### ABOUT THIS EXERCISE
Take the material below and output exactly the run of lines from the one containing "let g i := zero_piece" down to the one containing "xcv p <> xL -> forall", with both included.

### INPUT FOR THIS TASK
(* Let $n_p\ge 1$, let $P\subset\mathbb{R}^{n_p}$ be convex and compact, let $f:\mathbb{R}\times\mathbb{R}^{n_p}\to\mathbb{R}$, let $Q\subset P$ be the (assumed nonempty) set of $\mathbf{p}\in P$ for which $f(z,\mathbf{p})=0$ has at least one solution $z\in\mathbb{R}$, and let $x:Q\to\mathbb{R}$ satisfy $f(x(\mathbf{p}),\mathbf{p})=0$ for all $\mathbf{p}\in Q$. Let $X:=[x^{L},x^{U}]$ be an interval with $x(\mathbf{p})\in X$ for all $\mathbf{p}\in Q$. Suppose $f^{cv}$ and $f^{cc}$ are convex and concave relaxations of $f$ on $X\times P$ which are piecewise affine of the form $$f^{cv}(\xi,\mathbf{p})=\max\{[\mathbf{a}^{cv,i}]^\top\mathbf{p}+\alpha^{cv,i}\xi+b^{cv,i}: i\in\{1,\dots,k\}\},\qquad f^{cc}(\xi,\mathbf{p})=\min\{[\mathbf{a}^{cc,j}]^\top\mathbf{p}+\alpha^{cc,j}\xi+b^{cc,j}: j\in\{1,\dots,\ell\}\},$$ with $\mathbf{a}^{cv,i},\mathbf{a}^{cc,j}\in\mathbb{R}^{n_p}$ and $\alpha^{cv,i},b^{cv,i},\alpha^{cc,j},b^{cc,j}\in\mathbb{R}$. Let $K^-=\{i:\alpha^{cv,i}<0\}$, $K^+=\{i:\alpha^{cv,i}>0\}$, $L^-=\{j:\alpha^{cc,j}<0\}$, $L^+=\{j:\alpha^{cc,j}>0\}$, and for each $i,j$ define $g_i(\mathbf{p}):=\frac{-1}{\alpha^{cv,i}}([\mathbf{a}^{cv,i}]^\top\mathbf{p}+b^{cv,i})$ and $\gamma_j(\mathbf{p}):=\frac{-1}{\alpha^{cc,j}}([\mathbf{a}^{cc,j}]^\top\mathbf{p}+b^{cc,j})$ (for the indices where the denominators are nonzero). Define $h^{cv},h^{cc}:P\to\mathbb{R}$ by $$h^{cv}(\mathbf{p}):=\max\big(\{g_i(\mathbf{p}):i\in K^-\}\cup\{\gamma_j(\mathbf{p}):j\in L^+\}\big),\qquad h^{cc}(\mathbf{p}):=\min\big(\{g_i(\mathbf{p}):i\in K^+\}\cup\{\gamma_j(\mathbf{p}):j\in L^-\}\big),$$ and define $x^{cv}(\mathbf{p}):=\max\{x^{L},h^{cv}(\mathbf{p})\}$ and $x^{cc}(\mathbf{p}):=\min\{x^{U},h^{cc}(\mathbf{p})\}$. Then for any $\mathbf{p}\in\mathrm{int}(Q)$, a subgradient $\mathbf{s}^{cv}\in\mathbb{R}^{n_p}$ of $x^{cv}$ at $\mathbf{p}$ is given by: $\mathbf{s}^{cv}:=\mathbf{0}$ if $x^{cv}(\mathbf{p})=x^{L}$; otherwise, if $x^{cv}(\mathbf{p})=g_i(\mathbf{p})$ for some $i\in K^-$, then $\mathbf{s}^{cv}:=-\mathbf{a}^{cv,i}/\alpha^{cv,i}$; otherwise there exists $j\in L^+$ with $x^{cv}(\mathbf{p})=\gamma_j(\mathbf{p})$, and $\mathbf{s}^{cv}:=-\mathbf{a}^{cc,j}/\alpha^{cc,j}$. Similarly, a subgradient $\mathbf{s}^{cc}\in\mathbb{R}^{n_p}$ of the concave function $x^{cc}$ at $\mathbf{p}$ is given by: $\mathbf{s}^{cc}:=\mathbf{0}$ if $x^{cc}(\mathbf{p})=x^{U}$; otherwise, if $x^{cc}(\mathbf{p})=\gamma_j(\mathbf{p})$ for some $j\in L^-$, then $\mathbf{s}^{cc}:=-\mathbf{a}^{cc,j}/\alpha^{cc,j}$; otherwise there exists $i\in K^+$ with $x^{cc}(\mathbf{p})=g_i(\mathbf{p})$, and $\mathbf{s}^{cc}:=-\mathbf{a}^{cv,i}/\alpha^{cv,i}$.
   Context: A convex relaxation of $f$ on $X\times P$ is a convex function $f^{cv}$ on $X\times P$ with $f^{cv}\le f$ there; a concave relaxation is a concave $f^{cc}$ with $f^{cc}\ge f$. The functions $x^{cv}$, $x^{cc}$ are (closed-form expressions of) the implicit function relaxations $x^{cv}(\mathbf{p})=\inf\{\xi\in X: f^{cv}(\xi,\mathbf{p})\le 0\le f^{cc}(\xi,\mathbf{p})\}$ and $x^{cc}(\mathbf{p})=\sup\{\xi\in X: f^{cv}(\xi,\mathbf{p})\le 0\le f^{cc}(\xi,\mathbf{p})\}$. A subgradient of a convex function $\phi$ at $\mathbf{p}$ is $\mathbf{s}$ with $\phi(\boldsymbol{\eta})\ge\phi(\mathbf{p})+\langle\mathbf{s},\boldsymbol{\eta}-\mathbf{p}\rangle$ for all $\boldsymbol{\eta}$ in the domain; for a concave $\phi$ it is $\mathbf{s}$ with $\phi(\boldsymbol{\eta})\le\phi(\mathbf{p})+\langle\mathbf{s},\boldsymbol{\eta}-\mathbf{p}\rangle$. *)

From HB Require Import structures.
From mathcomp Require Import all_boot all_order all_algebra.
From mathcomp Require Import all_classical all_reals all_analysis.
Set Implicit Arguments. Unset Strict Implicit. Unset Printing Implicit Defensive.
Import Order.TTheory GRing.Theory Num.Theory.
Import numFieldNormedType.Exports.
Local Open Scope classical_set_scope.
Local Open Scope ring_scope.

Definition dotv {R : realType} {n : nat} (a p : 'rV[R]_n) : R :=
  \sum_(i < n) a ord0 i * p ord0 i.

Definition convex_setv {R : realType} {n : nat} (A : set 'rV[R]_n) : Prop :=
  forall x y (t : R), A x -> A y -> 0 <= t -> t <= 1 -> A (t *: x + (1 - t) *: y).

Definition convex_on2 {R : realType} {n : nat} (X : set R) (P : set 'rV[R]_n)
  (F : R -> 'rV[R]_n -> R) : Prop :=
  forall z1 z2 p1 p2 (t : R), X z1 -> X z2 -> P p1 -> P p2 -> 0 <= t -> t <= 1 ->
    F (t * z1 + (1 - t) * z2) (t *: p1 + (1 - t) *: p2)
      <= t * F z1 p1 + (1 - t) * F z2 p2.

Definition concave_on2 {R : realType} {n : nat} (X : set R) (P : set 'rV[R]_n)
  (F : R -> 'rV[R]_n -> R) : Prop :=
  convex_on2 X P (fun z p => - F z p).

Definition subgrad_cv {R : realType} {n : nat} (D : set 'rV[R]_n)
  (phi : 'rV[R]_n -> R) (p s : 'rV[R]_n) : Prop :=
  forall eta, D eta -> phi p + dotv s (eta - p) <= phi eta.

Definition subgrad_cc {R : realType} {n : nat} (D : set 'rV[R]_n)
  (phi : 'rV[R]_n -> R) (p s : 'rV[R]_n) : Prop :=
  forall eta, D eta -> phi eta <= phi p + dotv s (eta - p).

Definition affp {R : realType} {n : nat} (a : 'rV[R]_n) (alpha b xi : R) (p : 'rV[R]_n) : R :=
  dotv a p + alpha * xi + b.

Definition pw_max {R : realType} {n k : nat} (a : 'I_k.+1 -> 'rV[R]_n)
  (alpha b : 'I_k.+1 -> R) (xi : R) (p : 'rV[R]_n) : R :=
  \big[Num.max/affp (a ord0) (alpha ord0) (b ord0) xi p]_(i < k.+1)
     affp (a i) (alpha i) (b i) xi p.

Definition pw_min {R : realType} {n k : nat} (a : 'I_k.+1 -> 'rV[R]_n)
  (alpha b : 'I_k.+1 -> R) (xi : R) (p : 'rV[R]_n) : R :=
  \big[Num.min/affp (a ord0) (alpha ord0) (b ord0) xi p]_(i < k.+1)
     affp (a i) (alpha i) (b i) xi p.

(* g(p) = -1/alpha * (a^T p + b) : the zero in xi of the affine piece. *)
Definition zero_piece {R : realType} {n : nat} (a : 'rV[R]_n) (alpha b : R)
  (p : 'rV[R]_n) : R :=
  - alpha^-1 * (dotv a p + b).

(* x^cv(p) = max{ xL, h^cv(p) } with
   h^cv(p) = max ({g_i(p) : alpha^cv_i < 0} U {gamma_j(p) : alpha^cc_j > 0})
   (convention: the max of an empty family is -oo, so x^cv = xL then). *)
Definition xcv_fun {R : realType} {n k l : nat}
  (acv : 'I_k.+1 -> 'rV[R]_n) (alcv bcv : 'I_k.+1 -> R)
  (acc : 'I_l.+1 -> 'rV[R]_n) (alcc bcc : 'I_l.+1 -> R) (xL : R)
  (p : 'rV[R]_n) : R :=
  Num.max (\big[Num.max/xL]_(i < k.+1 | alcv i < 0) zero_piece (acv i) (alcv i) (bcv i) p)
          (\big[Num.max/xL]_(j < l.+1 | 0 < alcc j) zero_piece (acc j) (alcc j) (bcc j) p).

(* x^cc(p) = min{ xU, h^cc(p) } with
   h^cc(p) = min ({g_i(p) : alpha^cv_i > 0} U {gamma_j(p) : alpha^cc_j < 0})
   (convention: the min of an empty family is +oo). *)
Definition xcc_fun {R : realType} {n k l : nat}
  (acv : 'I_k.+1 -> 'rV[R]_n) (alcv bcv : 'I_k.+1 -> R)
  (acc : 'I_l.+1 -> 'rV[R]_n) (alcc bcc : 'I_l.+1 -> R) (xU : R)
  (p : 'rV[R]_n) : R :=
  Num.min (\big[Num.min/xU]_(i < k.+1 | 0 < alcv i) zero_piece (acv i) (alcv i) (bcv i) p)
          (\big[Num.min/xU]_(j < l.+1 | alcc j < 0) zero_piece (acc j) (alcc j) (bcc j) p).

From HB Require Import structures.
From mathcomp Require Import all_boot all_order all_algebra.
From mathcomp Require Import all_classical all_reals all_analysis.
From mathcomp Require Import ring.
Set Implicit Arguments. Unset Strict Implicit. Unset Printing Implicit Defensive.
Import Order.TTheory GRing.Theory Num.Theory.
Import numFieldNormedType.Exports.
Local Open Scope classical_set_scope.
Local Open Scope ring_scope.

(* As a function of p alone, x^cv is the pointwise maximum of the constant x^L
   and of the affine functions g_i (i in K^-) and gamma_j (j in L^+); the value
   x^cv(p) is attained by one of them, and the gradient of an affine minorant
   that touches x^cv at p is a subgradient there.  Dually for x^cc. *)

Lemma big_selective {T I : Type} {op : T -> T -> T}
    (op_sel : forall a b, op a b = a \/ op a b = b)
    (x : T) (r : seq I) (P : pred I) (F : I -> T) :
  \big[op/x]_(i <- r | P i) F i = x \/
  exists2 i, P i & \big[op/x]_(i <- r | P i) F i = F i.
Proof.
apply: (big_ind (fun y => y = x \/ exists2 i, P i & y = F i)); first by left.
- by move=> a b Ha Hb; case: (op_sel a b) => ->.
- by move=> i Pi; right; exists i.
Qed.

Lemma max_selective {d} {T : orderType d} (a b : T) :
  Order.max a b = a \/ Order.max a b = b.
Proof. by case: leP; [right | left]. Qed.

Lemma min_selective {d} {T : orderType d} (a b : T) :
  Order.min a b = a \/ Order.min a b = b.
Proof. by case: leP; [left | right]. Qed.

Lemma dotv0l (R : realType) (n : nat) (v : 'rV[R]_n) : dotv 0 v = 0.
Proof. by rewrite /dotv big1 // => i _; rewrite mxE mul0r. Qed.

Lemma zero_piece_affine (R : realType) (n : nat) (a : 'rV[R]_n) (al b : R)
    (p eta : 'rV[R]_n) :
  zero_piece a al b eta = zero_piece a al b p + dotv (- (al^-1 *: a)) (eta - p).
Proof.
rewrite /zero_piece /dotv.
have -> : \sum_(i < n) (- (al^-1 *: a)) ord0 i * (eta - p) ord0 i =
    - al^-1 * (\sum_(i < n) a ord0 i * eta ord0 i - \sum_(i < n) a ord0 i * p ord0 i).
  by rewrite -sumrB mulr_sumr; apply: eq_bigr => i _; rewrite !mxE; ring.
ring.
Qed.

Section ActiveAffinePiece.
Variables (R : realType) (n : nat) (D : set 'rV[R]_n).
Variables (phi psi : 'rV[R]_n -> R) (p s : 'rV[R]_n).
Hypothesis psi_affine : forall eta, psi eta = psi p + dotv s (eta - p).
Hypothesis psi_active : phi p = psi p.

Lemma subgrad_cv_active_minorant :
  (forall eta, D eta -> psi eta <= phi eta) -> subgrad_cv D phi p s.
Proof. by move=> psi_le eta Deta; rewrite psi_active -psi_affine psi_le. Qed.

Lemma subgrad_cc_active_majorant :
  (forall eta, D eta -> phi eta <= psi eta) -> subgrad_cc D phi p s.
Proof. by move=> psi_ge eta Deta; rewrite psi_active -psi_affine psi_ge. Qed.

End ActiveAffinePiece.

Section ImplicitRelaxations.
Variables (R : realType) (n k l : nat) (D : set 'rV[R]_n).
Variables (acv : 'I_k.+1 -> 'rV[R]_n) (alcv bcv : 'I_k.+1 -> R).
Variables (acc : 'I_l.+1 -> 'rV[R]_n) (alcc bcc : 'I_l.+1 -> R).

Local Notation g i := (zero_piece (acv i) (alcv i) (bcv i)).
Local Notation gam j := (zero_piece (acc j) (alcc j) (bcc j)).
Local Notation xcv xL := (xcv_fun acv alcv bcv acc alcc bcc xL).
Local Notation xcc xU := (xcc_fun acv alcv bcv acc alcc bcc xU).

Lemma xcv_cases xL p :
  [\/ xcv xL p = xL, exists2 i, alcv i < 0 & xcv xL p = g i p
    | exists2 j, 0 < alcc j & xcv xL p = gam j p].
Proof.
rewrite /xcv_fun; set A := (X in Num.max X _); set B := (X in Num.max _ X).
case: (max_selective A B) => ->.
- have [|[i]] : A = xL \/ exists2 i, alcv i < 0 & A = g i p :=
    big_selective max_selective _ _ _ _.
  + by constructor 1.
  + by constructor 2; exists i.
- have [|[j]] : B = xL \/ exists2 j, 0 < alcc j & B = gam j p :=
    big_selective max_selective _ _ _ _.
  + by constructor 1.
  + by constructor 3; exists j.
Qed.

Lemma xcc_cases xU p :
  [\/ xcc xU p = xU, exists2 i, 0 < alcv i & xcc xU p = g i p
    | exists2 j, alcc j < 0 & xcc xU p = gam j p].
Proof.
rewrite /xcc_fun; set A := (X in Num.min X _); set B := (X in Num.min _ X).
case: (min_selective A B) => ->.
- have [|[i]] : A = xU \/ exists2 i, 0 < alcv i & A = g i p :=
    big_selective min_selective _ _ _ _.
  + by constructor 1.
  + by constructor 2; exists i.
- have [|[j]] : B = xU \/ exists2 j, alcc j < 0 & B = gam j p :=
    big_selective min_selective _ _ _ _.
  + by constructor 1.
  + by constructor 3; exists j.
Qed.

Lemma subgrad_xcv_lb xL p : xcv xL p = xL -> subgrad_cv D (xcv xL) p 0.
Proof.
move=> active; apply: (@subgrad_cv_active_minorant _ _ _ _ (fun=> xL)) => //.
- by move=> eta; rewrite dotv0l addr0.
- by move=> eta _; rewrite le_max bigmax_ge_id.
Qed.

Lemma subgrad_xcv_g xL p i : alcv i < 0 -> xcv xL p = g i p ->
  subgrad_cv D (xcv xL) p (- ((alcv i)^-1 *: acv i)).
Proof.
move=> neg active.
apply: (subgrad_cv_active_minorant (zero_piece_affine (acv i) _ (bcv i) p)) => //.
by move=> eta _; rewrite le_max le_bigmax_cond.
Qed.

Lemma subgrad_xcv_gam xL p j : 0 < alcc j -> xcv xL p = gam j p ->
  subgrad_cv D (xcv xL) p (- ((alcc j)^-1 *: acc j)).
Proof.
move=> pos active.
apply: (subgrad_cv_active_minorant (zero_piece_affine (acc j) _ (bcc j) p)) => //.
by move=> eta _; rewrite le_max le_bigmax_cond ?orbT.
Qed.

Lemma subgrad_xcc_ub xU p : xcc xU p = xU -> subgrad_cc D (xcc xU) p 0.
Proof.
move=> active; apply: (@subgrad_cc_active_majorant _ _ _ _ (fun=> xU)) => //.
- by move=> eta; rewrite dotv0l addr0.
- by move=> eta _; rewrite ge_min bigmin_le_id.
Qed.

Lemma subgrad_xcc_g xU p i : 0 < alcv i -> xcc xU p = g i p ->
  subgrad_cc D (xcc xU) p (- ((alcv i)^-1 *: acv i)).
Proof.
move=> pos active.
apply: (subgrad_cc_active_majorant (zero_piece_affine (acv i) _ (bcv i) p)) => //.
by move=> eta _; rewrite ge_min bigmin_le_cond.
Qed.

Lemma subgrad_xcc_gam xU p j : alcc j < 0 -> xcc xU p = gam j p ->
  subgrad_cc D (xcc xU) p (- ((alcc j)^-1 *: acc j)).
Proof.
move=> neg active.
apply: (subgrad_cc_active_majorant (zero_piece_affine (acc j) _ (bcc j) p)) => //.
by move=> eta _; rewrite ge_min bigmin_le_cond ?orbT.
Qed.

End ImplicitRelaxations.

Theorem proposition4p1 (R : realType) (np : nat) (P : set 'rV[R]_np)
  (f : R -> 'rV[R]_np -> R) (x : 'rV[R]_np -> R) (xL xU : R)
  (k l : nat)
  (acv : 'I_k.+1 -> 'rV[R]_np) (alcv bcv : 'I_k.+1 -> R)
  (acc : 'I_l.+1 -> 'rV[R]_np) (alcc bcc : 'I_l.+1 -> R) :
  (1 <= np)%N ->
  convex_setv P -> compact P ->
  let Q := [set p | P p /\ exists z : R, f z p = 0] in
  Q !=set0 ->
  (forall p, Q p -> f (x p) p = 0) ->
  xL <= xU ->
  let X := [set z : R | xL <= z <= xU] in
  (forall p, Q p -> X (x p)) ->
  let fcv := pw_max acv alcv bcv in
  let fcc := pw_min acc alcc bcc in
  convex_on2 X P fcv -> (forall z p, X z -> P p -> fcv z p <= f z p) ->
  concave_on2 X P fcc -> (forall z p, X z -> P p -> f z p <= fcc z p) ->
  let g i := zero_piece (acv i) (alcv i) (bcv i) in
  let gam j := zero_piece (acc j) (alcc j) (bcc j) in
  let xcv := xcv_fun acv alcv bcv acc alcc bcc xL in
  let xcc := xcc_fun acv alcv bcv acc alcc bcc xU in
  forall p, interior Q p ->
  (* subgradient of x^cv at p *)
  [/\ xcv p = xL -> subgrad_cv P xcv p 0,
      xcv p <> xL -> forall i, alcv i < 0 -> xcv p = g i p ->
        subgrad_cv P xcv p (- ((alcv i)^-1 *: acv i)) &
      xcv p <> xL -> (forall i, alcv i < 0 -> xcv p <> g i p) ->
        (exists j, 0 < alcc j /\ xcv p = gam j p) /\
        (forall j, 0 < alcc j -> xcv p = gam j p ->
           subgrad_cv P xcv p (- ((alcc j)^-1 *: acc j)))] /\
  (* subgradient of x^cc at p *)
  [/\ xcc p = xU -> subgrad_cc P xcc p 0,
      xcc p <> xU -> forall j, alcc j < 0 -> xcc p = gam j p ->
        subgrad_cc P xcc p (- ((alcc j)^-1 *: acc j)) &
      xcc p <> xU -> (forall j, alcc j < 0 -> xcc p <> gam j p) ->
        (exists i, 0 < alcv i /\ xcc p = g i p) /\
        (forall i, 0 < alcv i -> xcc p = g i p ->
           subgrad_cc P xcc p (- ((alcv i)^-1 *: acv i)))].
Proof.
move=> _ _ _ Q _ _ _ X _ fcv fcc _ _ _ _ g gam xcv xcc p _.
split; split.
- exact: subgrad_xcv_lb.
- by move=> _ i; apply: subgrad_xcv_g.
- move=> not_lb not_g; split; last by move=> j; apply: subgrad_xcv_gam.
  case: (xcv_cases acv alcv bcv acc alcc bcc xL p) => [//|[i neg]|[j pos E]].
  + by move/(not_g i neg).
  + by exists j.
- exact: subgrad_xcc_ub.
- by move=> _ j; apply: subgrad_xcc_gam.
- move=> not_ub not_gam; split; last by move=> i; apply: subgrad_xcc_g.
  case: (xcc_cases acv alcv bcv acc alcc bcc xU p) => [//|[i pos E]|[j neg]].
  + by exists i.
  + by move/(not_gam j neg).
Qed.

### EXPECTED OUTPUT
  let g i := zero_piece (acv i) (alcv i) (bcv i) in
  let gam j := zero_piece (acc j) (alcc j) (bcc j) in
  let xcv := xcv_fun acv alcv bcv acc alcc bcc xL in
  let xcc := xcc_fun acv alcv bcv acc alcc bcc xU in
  forall p, interior Q p ->
  (* subgradient of x^cv at p *)
  [/\ xcv p = xL -> subgrad_cv P xcv p 0,
      xcv p <> xL -> forall i, alcv i < 0 -> xcv p = g i p ->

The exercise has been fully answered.